Records from a data source

(* Given two finite-valued logics $\mathbf{M}_1$ and $\mathbf{M}_2$ over the same propositional language, it is decidable whether $\mathrm{Taut}(\mathbf{M}_1)=\mathrm{Taut}(\mathbf{M}_2)$, and it is decidable whether $\mathbf{M}_1\unlhd\mathbf{M}_2$, i.e., whether $\mathrm{Taut}(\mathbf{M}_1)\subseteq\mathrm{Taut}(\mathbf{M}_2)$.
   Context: A propositional language has variables $X_1,X_2,\ldots$ and finitely many connectives with arities. A finite-valued logic $\mathbf{M}$ is given by a finite set $V(\mathbf{M})$ of truth values, designated values $V^+(\mathbf{M})\subseteq V(\mathbf{M})$, and a truth function for each connective. A valuation maps variables to truth values and extends to formulas via the truth functions; a tautology is a formula designated under every valuation; $\mathrm{Taut}(\mathbf{M})$ is the set of tautologies. *)

From mathcomp Require Import all_boot.
Set Implicit Arguments. Unset Strict Implicit. Unset Printing Implicit Defensive.

(* A language: the list of arities of its finitely many connectives;
   connective number i has arity nth 0 L i. *)
Definition language := seq nat.

Inductive form : Type :=
| Var of nat
| App of nat & seq form.

Fixpoint wf (L : language) (phi : form) : bool :=
  match phi with
  | Var _ => true
  | App i args =>
      [&& i < size L, size args == nth 0 L i &
          (fix wfs (s : seq form) : bool :=
             match s with [::] => true | a :: s' => wf L a && wfs s' end) args]
  end.

(* A finite-valued logic, given by finite data: the truth values are
   0, 1, ..., nv (i.e. nv.+1 values), the designated values are those in
   [des], and the truth table of connective i is the list [nth [::] tab i],
   whose entry at index (a_1 ... a_k written in base nv.+1) is the value of
   the connective on arguments a_1, ..., a_k (taken modulo nv.+1, so every
   datum denotes a well-defined logic; missing entries default to 0). *)
Record logic : Type := Logic {
  nv : nat;
  des : seq nat;
  tab : seq (seq nat)
}.

Definition nvals (M : logic) : nat := (nv M).+1.

Definition designated (M : logic) (x : nat) : bool := x \in des M.

Definition tindex (b : nat) (args : seq nat) : nat :=
  foldl (fun acc a => acc * b + a) 0 args.

Definition truth_fun (M : logic) (i : nat) (args : seq nat) : nat :=
  nth 0 (nth [::] (tab M) i) (tindex (nvals M) args) %% nvals M.

Fixpoint feval (M : logic) (v : nat -> nat) (phi : form) : nat :=
  match phi with
  | Var n => v n
  | App i args =>
      truth_fun M i
        ((fix evs (s : seq form) : seq nat :=
            match s with [::] => [::] | a :: s' => feval M v a :: evs s' end) args)
  end.

Definition valuation (M : logic) (v : nat -> nat) : Prop :=
  forall n, v n < nvals M.

Definition Taut (L : language) (M : logic) (phi : form) : Prop :=
  wf L phi /\ forall v, valuation M v -> designated M (feval M v phi).

Inductive prog : Type :=
| PZero
| PSucc
| PProj of nat
| PComp of prog & seq prog
| PPrec of prog & prog
| PMu of prog.

Fixpoint peval (fuel : nat) (p : prog) (xs : seq nat) {struct fuel} : option nat :=
  match fuel with
  | 0 => None
  | k.+1 =>
    match p with
    | PZero => Some 0
    | PSucc => Some (nth 0 xs 0).+1
    | PProj i => Some (nth 0 xs i)
    | PComp f gs =>
        let rs := map (fun g => peval k g xs) gs in
        if all (fun r => r != None) rs
        then peval k f (map (fun r => odflt 0 r) rs)
        else None
    | PPrec f g =>
        match xs with
        | [::] => peval k f [::]
        | 0 :: rest => peval k f rest
        | x.+1 :: rest =>
            match peval k (PPrec f g) (x :: rest) with
            | Some y => peval k g (x :: y :: rest)
            | None => None
            end
        end
    | PMu f =>
        (fix search (m : nat) (n : nat) : option nat :=
           match m with
           | 0 => None
           | m'.+1 =>
               match peval k f (n :: xs) with
               | Some 0 => Some n
               | Some _ => search m' n.+1
               | None => None
               end
           end) k 0
    end
  end.

Definition cpair (a b : nat) : nat := 'C(a + b + 1, 2) + b.

Fixpoint enc_seq (T : Type) (e : T -> nat) (s : seq T) : nat :=
  match s with
  | [::] => 0
  | x :: s' => (cpair (e x) (enc_seq e s')).+1
  end.

Definition enc_logic (M : logic) : nat :=
  cpair (nv M) (cpair (enc_seq id (des M)) (enc_seq (enc_seq id) (tab M))).

Definition enc_inst (L : language) (M1 M2 : logic) : nat :=
  cpair (enc_seq id L) (cpair (enc_logic M1) (enc_logic M2)).

Definition decidable_inst (Q : language -> logic -> logic -> Prop) : Prop :=
  exists p : prog, forall (L : language) (M1 M2 : logic),
    exists (k b : nat),
      peval k p [:: enc_inst L M1 M2] = Some b /\ (b != 0 <-> Q L M1 M2).

From mathcomp Require Import all_boot.
From Stdlib Require List.
From Stdlib Require Import Classical.
Set Implicit Arguments. Unset Strict Implicit. Unset Printing Implicit Defensive.

(* Write K for the number of truth values of M2.  If Taut(M1) is not contained in Taut(M2),
   there is a counterexample in the variables X_0, ..., X_(K-1): when an M1-tautology phi
   fails under an M2-valuation v, substituting X_(v n) for X_n turns it into one that fails
   under the identity valuation.  A formula in K variables has a pair of value tables, one
   per logic, over all valuations of these variables, and the pairs that arise form the
   finite closure of the pairs of the variables under the connectives.  Hence either this
   closure, listed in full, shows that every pair designated everywhere in M1 is designated
   everywhere in M2, which certifies inclusion, or a derivation of a pair designated
   everywhere in M1 but not in M2 certifies non-inclusion.  Certificates of both kinds are
   coded by numbers and checked by a formula with bounded quantifiers, compiled to a
   mu-free program; a mu-search for the least code of a certificate of either kind always
   halts, and the kind of certificate found is the answer. *)

Lemma nat_of_bool_neq0 (b : bool) : (b != 0 :> nat) = b.
Proof. by case: b. Qed.

Lemma List_Forall_all (T : Type) (P : T -> Prop) (p : pred T) s :
  List.Forall P s -> (forall a, P a -> p a) -> all p s.
Proof. by move=> Ps Pp; elim: Ps => //= a s' /Pp -> _. Qed.

Lemma List_Forall_map (T U : Type) (P : T -> Prop) (f g : T -> U) s :
  List.Forall P s -> (forall a, P a -> f a = g a) -> map f s = map g s.
Proof. by move=> Ps fg; elim: Ps => //= a s' /fg -> _ ->. Qed.

Lemma List_Forall_nth (T : Type) (x0 : T) (P : T -> Prop) s :
  List.Forall P s -> forall l, l < size s -> P (nth x0 s l).
Proof. by elim=> // a s' Pa _ IH [|l] //= /IH. Qed.

Lemma fin_choice (T : Type) (x0 : T) (P : nat -> T -> Prop) k :
  (forall l, l < k -> exists y, P l y) -> exists g : nat -> T, forall l, l < k -> P l (g l).
Proof.
elim: k => [|k IHk] exP; first by exists (fun=> x0).
have [g Pg] := IHk (fun l lt_l => exP l (ltnW lt_l)).
have [y Py] := exP k (ltnSn k).
exists (fun l => if l == k then y else g l) => l; rewrite ltnS leq_eqVlt.
by case: eqP => [->|_] //= /Pg.
Qed.

Lemma bounded_ex_max (P : nat -> Prop) n0 B :
  P n0 -> (forall m, P m -> m <= B) -> exists2 n, P n & forall m, P m -> m <= n.
Proof.
move=> Pn0; elim: B => [|B IHB] le_B; first by exists n0 => // m /le_B; rewrite leqn0 => /eqP->.
have [PB|notPB] := classic (P B.+1); first by exists B.+1.
apply: IHB => m Pm; have := le_B m Pm; rewrite leq_eqVlt => /orP[/eqP eq_m|//].
by rewrite eq_m in Pm.
Qed.

Lemma foldl_map (T U R : Type) (f : R -> U -> R) (g : T -> U) z s :
  foldl f z (map g s) = foldl (fun acc a => f acc (g a)) z s.
Proof. by elim: s z => //= a s IH z. Qed.

Lemma eq_in_mkseq (T : Type) (f g : nat -> T) n :
  (forall l, l < n -> f l = g l) -> mkseq f n = mkseq g n.
Proof. by move=> fg; apply/eq_in_map => l; rewrite mem_iota add0n => /fg. Qed.

Lemma map_as_mkseq (T U : Type) (x0 : T) (F : T -> U) s :
  map F s = mkseq (fun l => F (nth x0 s l)) (size s).
Proof. by rewrite -[s in map _ s](mkseq_nth x0) /mkseq -map_comp. Qed.

Lemma map_mkseq (T U : Type) (F : T -> U) (g : nat -> T) n :
  map F (mkseq g n) = mkseq (fun l => F (g l)) n.
Proof. by rewrite -map_comp. Qed.

Lemma size_undup_rcons (T : eqType) (s : seq T) y :
  y \notin s -> size (undup (rcons s y)) = (size (undup s)).+1.
Proof.
elim: s => //= z s IHs; rewrite in_cons negb_or mem_rcons in_cons => /andP[neq_yz y_s].
by rewrite eq_sym (negbTE neq_yz) /=; case: (z \in s); rewrite /= IHs.
Qed.

Fixpoint allseqs (n N : nat) : seq (seq nat) :=
  if N is N'.+1 then [seq a :: s | a <- iota 0 n, s <- allseqs n N'] else [:: [::]].

Lemma mem_allseqs n s : all (gtn n) s -> s \in allseqs n (size s).
Proof.
elim: s => //= a s IHs /andP[lt_a /IHs s_in].
by apply: (allpairs_f (fun a s => a :: s)); rewrite // mem_iota.
Qed.

(** * Running programs *)

Fixpoint mu_search (F : nat -> option nat) (m n : nat) : option nat :=
  match m with
  | 0 => None
  | m'.+1 => match F n with
             | Some 0 => Some n
             | Some _ => mu_search F m' n.+1
             | None => None
             end
  end.

Lemma peval_mu k f xs :
  peval k.+1 (PMu f) xs = mu_search (fun n => peval k f (n :: xs)) k 0.
Proof.
(* Generalize the bound of the search, but not the fuel [k] left for [f]. *)
by rewrite /=; move: {2 4}k 0; elim=> [|m IHm] n //=; rewrite IHm.
Qed.

Lemma peval_comp k f gs xs :
  peval k.+1 (PComp f gs) xs =
  let rs := map (fun g => peval k g xs) gs in
  if all (fun r => r != None) rs then peval k f (map (odflt 0) rs) else None.
Proof. by []. Qed.

Lemma peval_precS k f g x xs :
  peval k.+1 (PPrec f g) (x.+1 :: xs) =
  if peval k (PPrec f g) (x :: xs) is Some y then peval k g [:: x, y & xs] else None.
Proof. by []. Qed.

Lemma mu_search_mono (F G : nat -> option nat) m n y :
  (forall n z, F n = Some z -> G n = Some z) ->
  mu_search F m n = Some y -> mu_search G m.+1 n = Some y.
Proof.
move=> FG; elim: m n => [|m IHm] n //=.
by case E: (F n) => [[|a]|] //; rewrite (FG _ _ E) //; apply: IHm.
Qed.

Lemma peval_fuelS k p xs y : peval k p xs = Some y -> peval k.+1 p xs = Some y.
Proof.
elim: k p xs y => [|k IHk] p xs y //.
case: p => [||i|f gs|f g|f] //.
- rewrite !peval_comp /=.
  have evalS : forall gs, all (fun r => r != None) [seq peval k g xs | g <- gs] ->
      [seq peval k.+1 g xs | g <- gs] = [seq peval k g xs | g <- gs].
    elim=> [|g gs' IHgs] // /andP[]; rewrite !map_cons.
    by case E: (peval k g xs) => [z|] // _ /IHgs->; rewrite (IHk _ _ _ E).
  by case: ifP => // all_some; rewrite evalS // all_some; apply: IHk.
- case: xs => [|[|x] xs]; try exact: IHk.
  rewrite !peval_precS; case E: (peval k (PPrec f g) (x :: xs)) => [z|] //.
  by rewrite (IHk _ _ _ E); apply: IHk.
- by rewrite !peval_mu; apply: mu_search_mono => n z; apply: IHk.
Qed.

Lemma peval_fuel_mono k k' p xs y :
  k <= k' -> peval k p xs = Some y -> peval k' p xs = Some y.
Proof. by move=> /subnK <-; elim: (k' - k) => // d IH /IH /peval_fuelS. Qed.

Definition computes (p : prog) (xs : seq nat) (y : nat) : Prop :=
  exists k, peval k p xs = Some y.

Lemma computes_uniform (ps : nat -> prog) (xss : nat -> seq nat) (ys : nat -> nat) n :
  (forall s, s < n -> computes (ps s) (xss s) (ys s)) ->
  exists K, forall k s, K <= k -> s < n -> peval k (ps s) (xss s) = Some (ys s).
Proof.
elim: n => [|n IHn] comp; first by exists 0.
have [K evalK] := IHn (fun s lt_sn => comp s (ltnW lt_sn)).
have [k0 eval_n] := comp n (ltnSn n).
exists (maxn K k0) => k s; rewrite geq_max => /andP[le_K le_k0].
rewrite ltnS leq_eqVlt => /orP[/eqP->|lt_sn]; first exact: peval_fuel_mono eval_n.
exact: evalK.
Qed.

• What the task asks
Please transcribe only the lines in the records above running from the line that has "prog & seq prog" through the line that has "PComp f gs =>", both included, exactly as they appear.

• Written solution
| PComp of prog & seq prog
| PPrec of prog & prog
| PMu of prog.

Fixpoint peval (fuel : nat) (p : prog) (xs : seq nat) {struct fuel} : option nat :=
  match fuel with
  | 0 => None
  | k.+1 =>
    match p with
    | PZero => Some 0
    | PSucc => Some (nth 0 xs 0).+1
    | PProj i => Some (nth 0 xs i)
    | PComp f gs =>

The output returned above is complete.